**Task prompt**:
Repeat each record word for word. Leave nothing out.

**Data**:
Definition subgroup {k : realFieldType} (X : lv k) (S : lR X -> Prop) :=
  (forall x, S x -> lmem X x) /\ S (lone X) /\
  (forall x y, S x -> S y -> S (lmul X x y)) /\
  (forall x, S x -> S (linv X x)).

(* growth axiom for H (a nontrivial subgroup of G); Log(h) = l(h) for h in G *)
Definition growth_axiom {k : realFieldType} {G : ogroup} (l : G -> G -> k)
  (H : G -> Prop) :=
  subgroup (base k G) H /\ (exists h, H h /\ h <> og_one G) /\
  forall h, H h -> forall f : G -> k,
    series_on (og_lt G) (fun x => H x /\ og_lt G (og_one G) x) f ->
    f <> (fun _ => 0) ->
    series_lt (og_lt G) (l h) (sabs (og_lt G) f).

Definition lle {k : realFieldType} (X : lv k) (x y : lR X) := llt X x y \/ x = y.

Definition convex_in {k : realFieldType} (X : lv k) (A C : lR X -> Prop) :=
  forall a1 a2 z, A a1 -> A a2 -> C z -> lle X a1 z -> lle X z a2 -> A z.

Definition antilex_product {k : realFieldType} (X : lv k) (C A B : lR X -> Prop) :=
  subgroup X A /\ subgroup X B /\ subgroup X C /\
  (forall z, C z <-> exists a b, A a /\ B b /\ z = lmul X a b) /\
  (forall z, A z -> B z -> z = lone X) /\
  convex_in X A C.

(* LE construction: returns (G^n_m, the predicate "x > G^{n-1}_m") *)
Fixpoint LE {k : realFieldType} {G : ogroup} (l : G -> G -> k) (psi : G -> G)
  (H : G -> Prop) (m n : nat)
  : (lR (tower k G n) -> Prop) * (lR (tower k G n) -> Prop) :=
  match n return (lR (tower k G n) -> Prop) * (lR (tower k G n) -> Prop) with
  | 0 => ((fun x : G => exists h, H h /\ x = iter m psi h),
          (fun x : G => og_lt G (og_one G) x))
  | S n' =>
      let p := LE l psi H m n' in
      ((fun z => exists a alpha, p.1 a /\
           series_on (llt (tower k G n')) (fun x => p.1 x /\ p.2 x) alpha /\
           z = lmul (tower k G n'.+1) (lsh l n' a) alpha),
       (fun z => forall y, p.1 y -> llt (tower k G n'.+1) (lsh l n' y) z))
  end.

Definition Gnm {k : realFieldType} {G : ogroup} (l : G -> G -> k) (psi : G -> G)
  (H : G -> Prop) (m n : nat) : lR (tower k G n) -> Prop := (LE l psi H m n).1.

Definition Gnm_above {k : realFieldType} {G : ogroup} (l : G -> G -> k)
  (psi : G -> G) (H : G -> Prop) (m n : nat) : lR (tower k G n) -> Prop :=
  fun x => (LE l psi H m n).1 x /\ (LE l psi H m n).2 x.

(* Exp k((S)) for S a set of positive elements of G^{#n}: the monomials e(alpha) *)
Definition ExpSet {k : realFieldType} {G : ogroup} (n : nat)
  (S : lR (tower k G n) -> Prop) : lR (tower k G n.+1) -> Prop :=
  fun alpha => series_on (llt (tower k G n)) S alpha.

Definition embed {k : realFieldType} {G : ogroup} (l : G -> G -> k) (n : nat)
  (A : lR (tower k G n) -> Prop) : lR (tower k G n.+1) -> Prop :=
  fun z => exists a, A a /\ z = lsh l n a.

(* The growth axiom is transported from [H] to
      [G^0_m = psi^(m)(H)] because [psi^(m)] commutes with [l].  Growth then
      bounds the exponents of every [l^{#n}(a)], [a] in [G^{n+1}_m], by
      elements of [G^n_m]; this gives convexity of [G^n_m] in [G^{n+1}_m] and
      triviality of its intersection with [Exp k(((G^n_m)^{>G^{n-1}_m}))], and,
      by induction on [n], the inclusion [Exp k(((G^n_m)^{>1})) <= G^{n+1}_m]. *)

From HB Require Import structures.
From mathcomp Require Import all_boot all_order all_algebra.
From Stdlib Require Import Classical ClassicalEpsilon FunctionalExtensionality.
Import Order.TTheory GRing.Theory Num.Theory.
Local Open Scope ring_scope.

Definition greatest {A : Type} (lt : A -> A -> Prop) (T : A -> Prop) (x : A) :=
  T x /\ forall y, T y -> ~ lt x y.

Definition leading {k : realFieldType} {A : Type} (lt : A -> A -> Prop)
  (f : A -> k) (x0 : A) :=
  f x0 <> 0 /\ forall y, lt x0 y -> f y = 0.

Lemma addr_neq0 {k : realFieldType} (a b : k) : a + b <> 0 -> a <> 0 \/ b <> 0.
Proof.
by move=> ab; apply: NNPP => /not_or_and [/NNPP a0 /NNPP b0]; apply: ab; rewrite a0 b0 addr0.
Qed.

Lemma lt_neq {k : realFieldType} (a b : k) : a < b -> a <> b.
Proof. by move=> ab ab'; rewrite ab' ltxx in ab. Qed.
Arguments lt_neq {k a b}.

**Solution to the problem**:
Definition subgroup {k : realFieldType} (X : lv k) (S : lR X -> Prop) :=
  (forall x, S x -> lmem X x) /\ S (lone X) /\
  (forall x y, S x -> S y -> S (lmul X x y)) /\
  (forall x, S x -> S (linv X x)).

(* growth axiom for H (a nontrivial subgroup of G); Log(h) = l(h) for h in G *)
Definition growth_axiom {k : realFieldType} {G : ogroup} (l : G -> G -> k)
  (H : G -> Prop) :=
  subgroup (base k G) H /\ (exists h, H h /\ h <> og_one G) /\
  forall h, H h -> forall f : G -> k,
    series_on (og_lt G) (fun x => H x /\ og_lt G (og_one G) x) f ->
    f <> (fun _ => 0) ->
    series_lt (og_lt G) (l h) (sabs (og_lt G) f).

Definition lle {k : realFieldType} (X : lv k) (x y : lR X) := llt X x y \/ x = y.

Definition convex_in {k : realFieldType} (X : lv k) (A C : lR X -> Prop) :=
  forall a1 a2 z, A a1 -> A a2 -> C z -> lle X a1 z -> lle X z a2 -> A z.

Definition antilex_product {k : realFieldType} (X : lv k) (C A B : lR X -> Prop) :=
  subgroup X A /\ subgroup X B /\ subgroup X C /\
  (forall z, C z <-> exists a b, A a /\ B b /\ z = lmul X a b) /\
  (forall z, A z -> B z -> z = lone X) /\
  convex_in X A C.

(* LE construction: returns (G^n_m, the predicate "x > G^{n-1}_m") *)
Fixpoint LE {k : realFieldType} {G : ogroup} (l : G -> G -> k) (psi : G -> G)
  (H : G -> Prop) (m n : nat)
  : (lR (tower k G n) -> Prop) * (lR (tower k G n) -> Prop) :=
  match n return (lR (tower k G n) -> Prop) * (lR (tower k G n) -> Prop) with
  | 0 => ((fun x : G => exists h, H h /\ x = iter m psi h),
          (fun x : G => og_lt G (og_one G) x))
  | S n' =>
      let p := LE l psi H m n' in
      ((fun z => exists a alpha, p.1 a /\
           series_on (llt (tower k G n')) (fun x => p.1 x /\ p.2 x) alpha /\
           z = lmul (tower k G n'.+1) (lsh l n' a) alpha),
       (fun z => forall y, p.1 y -> llt (tower k G n'.+1) (lsh l n' y) z))
  end.

Definition Gnm {k : realFieldType} {G : ogroup} (l : G -> G -> k) (psi : G -> G)
  (H : G -> Prop) (m n : nat) : lR (tower k G n) -> Prop := (LE l psi H m n).1.

Definition Gnm_above {k : realFieldType} {G : ogroup} (l : G -> G -> k)
  (psi : G -> G) (H : G -> Prop) (m n : nat) : lR (tower k G n) -> Prop :=
  fun x => (LE l psi H m n).1 x /\ (LE l psi H m n).2 x.

(* Exp k((S)) for S a set of positive elements of G^{#n}: the monomials e(alpha) *)
Definition ExpSet {k : realFieldType} {G : ogroup} (n : nat)
  (S : lR (tower k G n) -> Prop) : lR (tower k G n.+1) -> Prop :=
  fun alpha => series_on (llt (tower k G n)) S alpha.

Definition embed {k : realFieldType} {G : ogroup} (l : G -> G -> k) (n : nat)
  (A : lR (tower k G n) -> Prop) : lR (tower k G n.+1) -> Prop :=
  fun z => exists a, A a /\ z = lsh l n a.

(* The growth axiom is transported from [H] to
      [G^0_m = psi^(m)(H)] because [psi^(m)] commutes with [l].  Growth then
      bounds the exponents of every [l^{#n}(a)], [a] in [G^{n+1}_m], by
      elements of [G^n_m]; this gives convexity of [G^n_m] in [G^{n+1}_m] and
      triviality of its intersection with [Exp k(((G^n_m)^{>G^{n-1}_m}))], and,
      by induction on [n], the inclusion [Exp k(((G^n_m)^{>1})) <= G^{n+1}_m]. *)

From HB Require Import structures.
From mathcomp Require Import all_boot all_order all_algebra.
From Stdlib Require Import Classical ClassicalEpsilon FunctionalExtensionality.
Import Order.TTheory GRing.Theory Num.Theory.
Local Open Scope ring_scope.

Definition greatest {A : Type} (lt : A -> A -> Prop) (T : A -> Prop) (x : A) :=
  T x /\ forall y, T y -> ~ lt x y.

Definition leading {k : realFieldType} {A : Type} (lt : A -> A -> Prop)
  (f : A -> k) (x0 : A) :=
  f x0 <> 0 /\ forall y, lt x0 y -> f y = 0.

Lemma addr_neq0 {k : realFieldType} (a b : k) : a + b <> 0 -> a <> 0 \/ b <> 0.
Proof.
by move=> ab; apply: NNPP => /not_or_and [/NNPP a0 /NNPP b0]; apply: ab; rewrite a0 b0 addr0.
Qed.

Lemma lt_neq {k : realFieldType} (a b : k) : a < b -> a <> b.
Proof. by move=> ab ab'; rewrite ab' ltxx in ab. Qed.
Arguments lt_neq {k a b}.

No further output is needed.